Your observation: The model coefficients indicate how each predictor affects the log-odds of being classified as Good. The Duration has a positive coefficient. This seems that customers that have a longer credit duration are Good customers. # Task 3: Find Optimal Probability Cut-off, with weight_FN = 1 and weight_FP = 1. (20pts)

1. Use the training set to obtain predicted probabilities.

train_pred_probs_gc <- predict(model_gc_logit, newdata = train_data, type = "response")

# Check the first few predicted probabilities
head(train_pred_probs_gc)
##         1         2         3         4         5         7 
## 0.9484830 0.2779603 0.9822123 0.6263646 0.1067110 0.9223900

Your observation:

The predicted probabilities represent how likely each customer is to be classified as Good based on the fitted logistic model.
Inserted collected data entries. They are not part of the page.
(* In a partition into intervals [G F, F] over the facets, only the trivial
   intervals G F = F contribute to the alternating face count; if all facets
   have odd size, that count is therefore nonpositive. *)
Lemma odd_facets_not_partitionable :
  (forall F, facet face F -> odd #|F|) ->
  0 < \sum_(K | face K) (-1) ^+ #|K| :> int -> ~ partitionable face.
Proof.
move=> oddF euler_gt0 [G [GF [intervalF coverK]]].
have partition_sum : \sum_(K | face K) (-1) ^+ #|K| =
    \sum_(F | facetb F) (if G F == F then (-1) ^+ #|F| else 0) :> int.
  transitivity (\sum_(K | face K)
      \sum_(F | facetb F && (G F \subset K) && (K \subset F)) (-1) ^+ #|K| : int).
    apply: eq_bigr => K fK; have [F [[fctF [GFK KF]] uniqF]] := coverK K fK.
    rewrite (big_pred1 F) // => F' /=.
    apply/idP/eqP => [/andP[/andP[/facetP ? ?] ?]|->]; first exact: uniqF.
    by rewrite GFK KF !andbT; apply/facetP.
  rewrite (exchange_big_dep facetb) => [|K F _ /andP[/andP[]] //].
  apply: eq_bigr => F fF; have /facetP fctF := fF.
  rewrite -alt_interval ?GF //; apply: eq_bigl => K; rewrite fF /=.
  apply/andP/idP => [[_ //]|GFKF]; split=> //.
  by case/andP: GFKF; apply: intervalF.
have : \sum_(F | facetb F) (if G F == F then (-1) ^+ #|F| else 0) <= 0 :> int.
  apply: sumr_le0 => F /facetP /oddF oddF'.
  by case: eqP => // _; rewrite -signr_odd oddF'.
by rewrite -partition_sum leNgt euler_gt0.
Qed.
End EulerCharacteristic.

Section Chains.
Variable T : finType.

Definition proper_rel : rel {set T} := fun A B => A \proper B.

Definition chain (F : {set {set T}}) : bool :=
  [forall A in F, forall B in F, (A \subset B) || (B \subset A)].

Lemma proper_rel_trans : transitive proper_rel.
Proof. by move=> B A C; apply: proper_trans. Qed.

Lemma proper_rel_irr : irreflexive proper_rel.
Proof. exact: properxx. Qed.

Lemma pairwise_proper s :
  pairwise (fun A B : {set T} => A \subset B) s -> uniq s -> pairwise proper_rel s.
Proof.
elim: s => //= A s IHs /andP[subAs pw_s] /andP[Anotin uniq_s].
rewrite IHs // andbT; apply/allP => B Bs; rewrite /proper_rel properEneq.
by rewrite (allP subAs B Bs) andbT; apply: contraNneq Anotin => ->.
Qed.

Lemma chain_sorted F : chain F ->
  exists s, [/\ sorted proper_rel s, [set:: s] = F & size s = #|F|].
Proof.
move=> chF; pose s := sort (fun A B : {set T} => A \subset B) (enum F).
have total_sub : {in F &, total (fun A B : {set T} => A \subset B)}.
  by move=> A B AF BF; move/forall_inP: chF => /(_ A AF) /forall_inP; apply.
have s_sorted : sorted (fun A B : {set T} => A \subset B) s.
  by apply: (sort_sorted_in total_sub); apply/allP => A; rewrite mem_enum.
have s_uniq : uniq s by rewrite sort_uniq enum_uniq.
exists s; split; last by rewrite size_sort cardE.
  apply/pairwise_sorted/pairwise_proper => //.
  by rewrite -sorted_pairwise // => B A C; apply: subset_trans.
by apply/setP => A; rewrite inE mem_sort mem_enum.
Qed.

Lemma card_sorted s : sorted proper_rel s -> #|[set:: s]| = size s.
Proof.
move=> s_sorted; rewrite cardsE; apply/card_uniqP.
exact: sorted_uniq proper_rel_trans proper_rel_irr s s_sorted.
Qed.

Lemma card_chains (P : {set {set T}} -> bool) k (U : finType) (g : U -> seq {set T}) :
  (forall F, P F -> chain F) -> injective g -> (forall u, size (g u) = k) ->
  (forall s, size s = k -> exists u, g u = s) ->
  #|[set F | P F & #|F| == k]| = #|[set u | sorted proper_rel (g u) && P [set:: g u]]|.
Proof.
move=> chP g_inj g_size g_onto.
rewrite -(@card_in_imset _ _ (fun u => [set:: g u])); last first.
  move=> u v; rewrite !inE => /andP[u_sorted _] /andP[v_sorted _] /setP eq_uv.
  apply: g_inj; apply: (irr_sorted_eq proper_rel_trans proper_rel_irr) => // A.
  by have := eq_uv A; rewrite !inE.
apply: eq_card => F; rewrite inE; apply/andP/imsetP => [[PF /eqP cardF]|[u]].
  have [s [s_sorted sF s_size]] := chain_sorted (chP F PF).
  have [u gu] := g_onto s (etrans s_size cardF).
  by exists u; rewrite ?inE gu ?sF ?s_sorted.
by rewrite inE => /andP[u_sorted Pu] ->; rewrite card_sorted ?g_size.
Qed.

Lemma chain_card_inj F : chain F -> {in F &, injective (fun A : {set T} => #|A|)}.
Proof.
move=> chF A B AF BF eqAB.
move/forall_inP: chF => /(_ A AF) /forall_inP /(_ B BF) /orP[AB|BA].
  by apply/eqP; rewrite eqEcard AB eqAB leqnn.
by apply/esym/eqP; rewrite eqEcard BA eqAB leqnn.
Qed.

Lemma consecutive_gap F A B C : chain F ->
  A \in [set: T] |: F -> B \in set0 |: F ->
  [forall C in F, ~~ ((B \proper C) && (C \proper A))] ->
  C \in F -> (C \subset B) || (A \subset C).
Proof.
move=> /forall_inP chF Ain Bin /forall_inP noC CF.
have cmp X : X \in F -> (C \subset X) || (X \subset C).
  by move=> XF; move/forall_inP: (chF C CF); apply.
apply/orP; have [CB|notCB] := boolP (C \subset B); [by left | right].
have BC : B \proper C.
  move: Bin; rewrite !inE => /orP[/eqP B0|BF].
    by rewrite B0 proper0; apply: contraNneq notCB => ->; rewrite B0.
  by rewrite properE notCB andbT; case/orP: (cmp B BF) notCB => ->.
have notCA := noC C CF; rewrite BC /= in notCA.
have CA : (C \subset A) || (A \subset C).
  by move: Ain; rewrite !inE => /orP[/eqP ->|/cmp //]; rewrite subsetT.
by case/orP: CA => // CA; move: notCA; rewrite properE CA negbK.
Qed.
End Chains.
Values close to 1 indicate high likelihood of Good credit, and values near 0 suggest Bad credit.

2. Find the optimal probability cut-off point using the MR (misclassification rate) or equivalently the equal-weight cost.

# Define a sequence of possible cutoff points
cutoff_values_gc <- seq(0.1, 0.9, by = 0.01)

# Function to calculate Misclassification Rate (MR) for each cutoff
calc_mr_gc <- function(cutoff) {
  predicted_class <- ifelse(train_pred_probs_gc >= cutoff, TRUE, FALSE)
  mean(predicted_class != train_data$Class)
}

# Apply function to all cutoff values
mr_results_gc <- sapply(cutoff_values_gc, calc_mr_gc)

# Find cutoff that gives the smallest MR
optimal_cutoff_gc <- cutoff_values_gc[which.min(mr_results_gc)]
optimal_cutoff_gc
## [1] 0.41

Your observation: There is a optimal cutoff of 0.41 which is less than 0.5.

Task 4: Model Evaluation (20pts)

1. Using the optimal probability cut-off point obtained in 3.2, generate confusion matrix and obtain MR for the the training set.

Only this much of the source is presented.